Macron lud „Spiderman“ein
Ein 22-jähriger Mann aus Mali rettete in Paris ein Kind von einem Balkon. Der Held soll nun Franzose werden. Präsident Macron hat auch ein Jobangebot für ihn.
PARIS. Die Geschichte könnte aus einem Abenteuerbuch für Kinder stammen: Doch sie hat sich wirklich so zugetragen – in Paris an einem Abend des vergangenen Wochenendes. Nun ist die beispiellose Kletteraktion, mit der ein junger Mann aus Mali ein vierjähriges Kind aus einer lebensgefährlichen Lage befreite, mit allen Details zum meistdiskutierten Gesprächsstoff in der französischen Hauptstadt geworden. Sogar dem amerikanischen TV-Sender CNN war die mutige Tat des zum Helden aufgestiegenen afrikanischen Migranten ohne gültige Papiere eine Reportage wert. Am Montag empfing ihn sogar Präsident Emmanuel Macron im Élysée-Palast.

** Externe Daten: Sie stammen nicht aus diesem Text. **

(* Let $n\ge4$ be even and let $K$ be an algebraically closed field of characteristic different from $2$. Then $P(\mathbb D_n)\cong P^*(\mathbb D_n)$ over $K$.
   Context: Paths in a quiver are composed from left to right: for arrows $\alpha: i\to j$ and $\beta: j\to k$, $\alpha\beta$ is the path $i\to j\to k$. The quiver $Q_{\mathbb D_n}$ has vertices $0,\dots,n-1$ and arrows $a_0:0\to2$, $\bar a_0:2\to0$, $a_1:1\to2$, $\bar a_1:2\to1$, $a_i:i\to i+1$, $\bar a_i:i+1\to i$ ($2\le i\le n-2$); put $\bar{\bar a}=a$. The preprojective algebra is $P(\mathbb D_n)=KQ_{\mathbb D_n}/I$, where $I$ is generated by $\sum_{a\text{ starting at }v}a\bar a$ for all vertices $v$. With $n=2m$, $P^*(\mathbb D_n)=KQ_{\mathbb D_n}/I^*$, where $I^*$ is generated by $\sum_{a\text{ starting at }v}a\bar a$ for all vertices $v\neq2$, together with $\bar a_0a_0+\bar a_1a_1+a_2\bar a_2+(\bar a_0a_0\bar a_1a_1)^{m-1}$ and $(\bar a_0a_0+\bar a_1a_1)^{n-2}$. *)

From HB Require Import structures.
From Stdlib Require Lists.List.
From mathcomp Require Import all_boot all_order all_algebra.
Set Implicit Arguments. Unset Strict Implicit. Unset Printing Implicit Defensive.
Import GRing.Theory.
Local Open Scope ring_scope.

(* Finitely presented unital associative K-algebras, encoded syntactically.  *)
(* A presentation is a type of generators G and a list of relators           *)
(* (terms that are set to 0).  The presented algebra is the type of terms    *)
(* modulo the congruence [eqv R] generated by the K-algebra axioms and the   *)
(* relators R.                                                               *)

Inductive term (K : Type) (G : Type) : Type :=
  | Gen of G
  | Zero
  | One
  | Add of term K G & term K G
  | Mul of term K G & term K G
  | Scale of K & term K G.

Arguments Zero {K G}.
Arguments One {K G}.
Arguments Gen {K G}.

Section Terms.
Variable K : fieldType.

Definition tsub (G : Type) (x y : term K G) : term K G := Add x (Scale (-1) y).

Fixpoint tpow (G : Type) (x : term K G) (k : nat) : term K G :=
  match k with 0 => One | k'.+1 => Mul x (tpow x k') end.

Definition tsum (G : Type) (s : seq (term K G)) : term K G := foldr (@Add K G) Zero s.

Fixpoint subst (G G' : Type) (s : G -> term K G') (t : term K G) : term K G' :=
  match t with
  | Gen g => s g
  | Zero => Zero
  | One => One
  | Add x y => Add (subst s x) (subst s y)
  | Mul x y => Mul (subst s x) (subst s y)
  | Scale c x => Scale c (subst s x)
  end.

Inductive eqv (G : Type) (R : seq (term K G)) : term K G -> term K G -> Prop :=
  | eqv_refl x : eqv R x x
  | eqv_sym x y : eqv R x y -> eqv R y x
  | eqv_trans x y z : eqv R x y -> eqv R y z -> eqv R x z
  | eqv_add x x' y y' : eqv R x x' -> eqv R y y' -> eqv R (Add x y) (Add x' y')
  | eqv_mul x x' y y' : eqv R x x' -> eqv R y y' -> eqv R (Mul x y) (Mul x' y')
  | eqv_scale c x x' : eqv R x x' -> eqv R (Scale c x) (Scale c x')
  | eqv_addA x y z : eqv R (Add x (Add y z)) (Add (Add x y) z)
  | eqv_addC x y : eqv R (Add x y) (Add y x)
  | eqv_add0 x : eqv R (Add Zero x) x
  | eqv_addN x : eqv R (Add x (Scale (-1) x)) Zero
  | eqv_mulA x y z : eqv R (Mul x (Mul y z)) (Mul (Mul x y) z)
  | eqv_mul1l x : eqv R (Mul One x) x
  | eqv_mul1r x : eqv R (Mul x One) x
  | eqv_mulDl x y z : eqv R (Mul (Add x y) z) (Add (Mul x z) (Mul y z))
  | eqv_mulDr x y z : eqv R (Mul x (Add y z)) (Add (Mul x y) (Mul x z))
  | eqv_scaleA c d x : eqv R (Scale c (Scale d x)) (Scale (c * d) x)
  | eqv_scale1 x : eqv R (Scale 1 x) x
  | eqv_scaleDr c x y : eqv R (Scale c (Add x y)) (Add (Scale c x) (Scale c y))
  | eqv_scaleDl c d x : eqv R (Scale (c + d) x) (Add (Scale c x) (Scale d x))
  | eqv_scaleMl c x y : eqv R (Scale c (Mul x y)) (Mul (Scale c x) y)
  | eqv_scaleMr c x y : eqv R (Scale c (Mul x y)) (Mul x (Scale c y))
  | eqv_rel r : Stdlib.Lists.List.In r R -> eqv R r Zero.

(* K<G>/(R1) and K<G>/(R2) are isomorphic as K-algebras: there are K-algebra  *)
(* homomorphisms in both directions (given on generators, well defined since  *)
(* they kill the relators) that are mutually inverse.                         *)
Definition pres_iso (G : Type) (R1 R2 : seq (term K G)) : Prop :=
  exists (sigma tau : G -> term K G),
    [/\ (forall r, Stdlib.Lists.List.In r R1 -> eqv R2 (subst sigma r) Zero),
        (forall r, Stdlib.Lists.List.In r R2 -> eqv R1 (subst tau r) Zero),
        (forall g, eqv R1 (subst tau (sigma g)) (Gen g))
      & (forall g, eqv R2 (subst sigma (tau g)) (Gen g))].

End Terms.

(* The quiver Q_{D_n}: vertices 0..n-1, arrows a_i, abar_i for i = 0..n-2.  *)
(* Paths compose left to right.                                              *)

Inductive gen (n : nat) : Type :=
  | GE of 'I_n          (* trivial path e_v *)
  | GA of 'I_n.-1
  | GB of 'I_n.-1.

Definition src_a (i : nat) : nat := i.
Definition tgt_a (i : nat) : nat := if (i <= 1)%N then 2%N else i.+1.

Section DQuiver.
Variables (K : fieldType) (n : nat).
Local Notation T := (term K (gen n)).

Definition Ev (v : nat) : T :=
  match insub v : option 'I_n with Some o => Gen (GE o) | None => Zero end.
Definition Aa (i : nat) : T :=
  match insub i : option 'I_n.-1 with Some o => Gen (GA o) | None => Zero end.
Definition Ab (i : nat) : T :=
  match insub i : option 'I_n.-1 with Some o => Gen (GB o) | None => Zero end.

(* Relations making K<generators>/(rels) the path algebra KQ_{D_n}. *)
Definition quiver_rels : seq T :=
  [seq tsub (Mul (Gen (GE v)) (Gen (GE w)))
            (if v == w then Gen (GE v) else Zero) | v : 'I_n <- enum 'I_n, w : 'I_n <- enum 'I_n]
  ++ [:: tsub (tsum [seq Gen (GE v) | v <- enum 'I_n]) One]
  ++ [seq tsub (Mul (Mul (Ev (src_a i)) (Gen (GA i))) (Ev (tgt_a i))) (Gen (GA i))
       | i : 'I_n.-1 <- enum 'I_n.-1]
  ++ [seq tsub (Mul (Mul (Ev (tgt_a i)) (Gen (GB i))) (Ev (src_a i))) (Gen (GB i))
       | i : 'I_n.-1 <- enum 'I_n.-1].

Definition mesh (v : nat) : T :=
  tsum [seq Add (if src_a i == v then Mul (Gen (GA i)) (Gen (GB i)) else Zero)
                (if tgt_a i == v then Mul (Gen (GB i)) (Gen (GA i)) else Zero)
       | i : 'I_n.-1 <- enum 'I_n.-1].

Definition P_rels : seq T := quiver_rels ++ [seq mesh v | v <- iota 0 n].

Definition Pstar_rels : seq T :=
  quiver_rels ++ [seq mesh v | v <- iota 0 n & v != 2%N]
  ++ [:: Add (Add (Add (Mul (Ab 0) (Aa 0)) (Mul (Ab 1) (Aa 1))) (Mul (Aa 2) (Ab 2)))
             (tpow (Mul (Mul (Mul (Ab 0) (Aa 0)) (Ab 1)) (Aa 1)) (n./2 - 1)%N);
         tpow (Add (Mul (Ab 0) (Aa 0)) (Mul (Ab 1) (Aa 1))) (n - 2)%N].

End DQuiver.

From HB Require Import structures.
From mathcomp Require Import all_boot all_order all_algebra.
From mathcomp Require Import zify ring.
From mathcomp Require boolp.
From Stdlib Require Lists.List.
Import Stdlib.Lists.List (In).
Set Implicit Arguments. Unset Strict Implicit. Unset Printing Implicit Defensive.
Import GRing.Theory.
Local Open Scope ring_scope.

(* Write x = abar_0 a_0 and y = abar_1 a_1 for the two cycles at vertex 2, m = n/2,
   k = m - 2, s = (xy)^(m-1) and p = x (yx)^k.  In both algebras a_0 abar_0 = a_1 abar_1 = 0,
   so x^2 = y^2 = 0 and (x + y)^(n-2) = (xy)^(m-1) + (yx)^(m-1).  This vanishes in
   P^*(D_n) by definition, and in P(D_n) because the mesh relations along the arm
   2 - 3 - ... - (n-1) force (a_2 abar_2)^(n-2) = 0.  Hence p^2 = 0 and py = s = -yp, so
   for central c the substitution a_1 -> a_1 + c a_1 p, abar_1 -> abar_1 - c p abar_1
   fixes a_1 abar_1 and p and replaces y by y - 2cs.  For c = 1/2 it carries the mesh
   relation at 2 of P(D_n) to the deformed relation of P^*(D_n), for c = -1/2 back, and
   the two substitutions are mutually inverse.  To argue with ring identities, each
   presented algebra is realised as the ring of eqv-classes of terms. *)

Lemma In_mem (T : eqType) (x : T) (s : seq T) : In x s <-> x \in s.
Proof.
elim: s => //= y s IH; rewrite in_cons; split.
- by case=> [->|/IH->]; rewrite ?eqxx ?orbT.
- by case/orP=> [/eqP->|/IH]; [left|right].
Qed.

Lemma forall_In_cat T (P : T -> Prop) (s1 s2 : seq T) :
  (forall r, In r (s1 ++ s2) -> P r) <->
  (forall r, In r s1 -> P r) /\ (forall r, In r s2 -> P r).
Proof. by rewrite -!List.Forall_forall; apply: List.Forall_app. Qed.

Lemma forall_In_map T U (P : U -> Prop) (F : T -> U) (s : seq T) :
  (forall r, In r (map F s) -> P r) <-> (forall x, In x s -> P (F x)).
Proof. by rewrite -!List.Forall_forall; apply: List.Forall_map. Qed.

Lemma forall_In_allpairs S T U (P : U -> Prop) (F : S -> T -> U) s t :
  (forall r, In r [seq F x y | x <- s, y <- t] -> P r) <->
  (forall x y, In x s -> In y t -> P (F x y)).
Proof.
split=> H.
  move=> x y xs yt; apply: H; apply/List.in_concat; exists [seq F x y | y <- t].
  split; first exact: (List.in_map (fun x => [seq F x y | y <- t]) s x xs).
  exact: (List.in_map (F x) t y yt).
move=> r /List.in_concat [_ [/List.in_map_iff [x [<- xs]] /List.in_map_iff [y [<- yt]]]].
exact: H.
Qed.

Lemma forall_In_pair T (P : T -> Prop) (x y : T) :
  (forall r, In r [:: x; y] -> P r) <-> P x /\ P y.
Proof. by split=> [H | [Px Py] r [<-|[<-|[]]]] //; split; apply: H; [left|right; left]. Qed.

Lemma In_enum (T : finType) (x : T) : In x (enum T).
Proof. by apply/In_mem; rewrite mem_enum. Qed.

Section Evaluation.
Variables (K : fieldType) (A : pzRingType) (kc : K -> A).

Fixpoint ev (G : Type) (f : G -> A) (t : term K G) : A :=
  match t with
  | Gen g => f g
  | Zero => 0
  | One => 1
  | Add x y => ev f x + ev f y
  | Mul x y => ev f x * ev f y
  | Scale c x => kc c * ev f x
  end.

Lemma ev_subst G G' (f : G' -> A) (s : G -> term K G') t :
  ev f (subst s t) = ev (fun g => ev f (s g)) t.
Proof. by elim: t => //= [x -> y ->|x -> y ->|c x ->]. Qed.

Lemma ev_tpow G (f : G -> A) x k : ev f (tpow x k) = ev f x ^+ k.
Proof. by elim: k => //= k ->; rewrite exprS. Qed.

Lemma ev_tsum G (f : G -> A) s : ev f (tsum s) = \sum_(x <- s) ev f x.
Proof. by elim: s => [|x s IH]; rewrite ?big_nil ?big_cons //= IH. Qed.

Lemma ev_tsub G (f : G -> A) x y :
  kc (-1) = -1 -> ev f (tsub x y) = ev f x - ev f y.
Proof. by move=> kcN1; rewrite /= kcN1 mulN1r. Qed.

End Evaluation.

(* K<G>/(R): a class is represented by the predicate [eqv R t]. *)
Definition pres_alg (K : fieldType) (G : Type) (R : seq (term K G)) :=
  {P : term K G -> Prop | exists t, P = eqv R t}.

HB.instance Definition _ K G R := boolp.gen_eqMixin (@pres_alg K G R).
HB.instance Definition _ K G R := boolp.gen_choiceMixin (@pres_alg K G R).

Section PresentedAlgebra.
Variables (K : fieldType) (G : Type) (R : seq (term K G)).
Local Notation Q := (pres_alg R).
Local Notation T := (term K G).

Definition cl (t : T) : Q := exist _ (eqv R t) (ex_intro _ t erefl).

Mamoudou Gassama wird in den Medien und sozialen Netzwerken als „Spiderman aus dem XVIII.“gefeiert – in Anspielung auf den Filmhelden und den 18. Pariser Stadtbezirk. Der Malier wollte sich am Samstagabend mit Freunden treffen, als er im Pariser Norden auf eine vor einem mehrstöckigen Wohnhaus versammelte Menschenmenge stieß, die unter lautem Geschrei und dem Gehupe von blockierten Autos in die Höhe starrte.
Dort hing außen am Rand eines Balkons im vierten Stock ein vierjähriges Kind, das sich mit nur einer Hand festhielt. Vom Nachbarbalkon versuchte ein Mann, das Kind mit der Hand zu fassen, aber er konnte es nicht erreichen. Ohne lang zu überlegen, hangelte sich Mamoudou Gassama mit bloßen Händen von Balkon zu Balkon hoch und zog das Kind schließlich in Sicherheit. „Ich bin einfach losgeklettert und konnte, Gott sei Dank, das Kind retten“, sagte er später. Er habe Angst gehabt und die Knie hätten ihm gezittert, als er das Kind endlich den Feuerwehrleuten übergeben konnte. Aus der Menschenmenge am Fuß des Gebäudes waren die 30 Sekunden der spektakulären Rettung mit Fotohandys in Videos festgehalten worden, die millionenfach im Internet zu sehen waren, aber niemand hatte daran gedacht, sofort die Feuerwehr zu alarmieren.
In Abwesenheit der Mutter hatte der Vater das Kind allein in der Wohnung gelassen. Dem Mann drohen wegen Vernachlässigung der Aufsichtspflicht bis zwei Jahre Gefängnis und 30.000 Euro Bußgeld. Staatsanwalt François Molins sagte dem Sender BFMTV, der Mann sei einkaufen gegangen und habe dann noch Pokémon Go gespielt. „Er ist erschüttert.“Ein Gerichtstermin ist für September angesetzt.
Mamoudou Gassama sieht dagegen einer aufgehellten Zukunft entgegen: Er war 2013 aus Mali aufgebrochen und hatte nach einem langen Weg über Burkina Faso, Niger, Libyen und Italien vor wenigen Monaten Frankreich erreicht, wo er als „Illegaler“in einem Pariser Vorort unterkam. Er werde alle nötigen Papiere bekommen und auch die französische Staatsbürgerschaft erhalten, versprach Präsident Macron am Montag. Er hatte sogar ein Jobangebot für den 22-Jährigen: Die Pariser Feuerwehr sei bereit, ihn aufzunehmen. Gassama erhielt zudem eine Urkunde für seinen „Mut und seine Aufopferung“.
Selbst die rechtspopulistische Nationale Front will nicht abseits stehen, schränkt aber ein, dass „die Gesamtheit der Illegalen“weiterhin aus Frankreich ausgewiesen gehöre.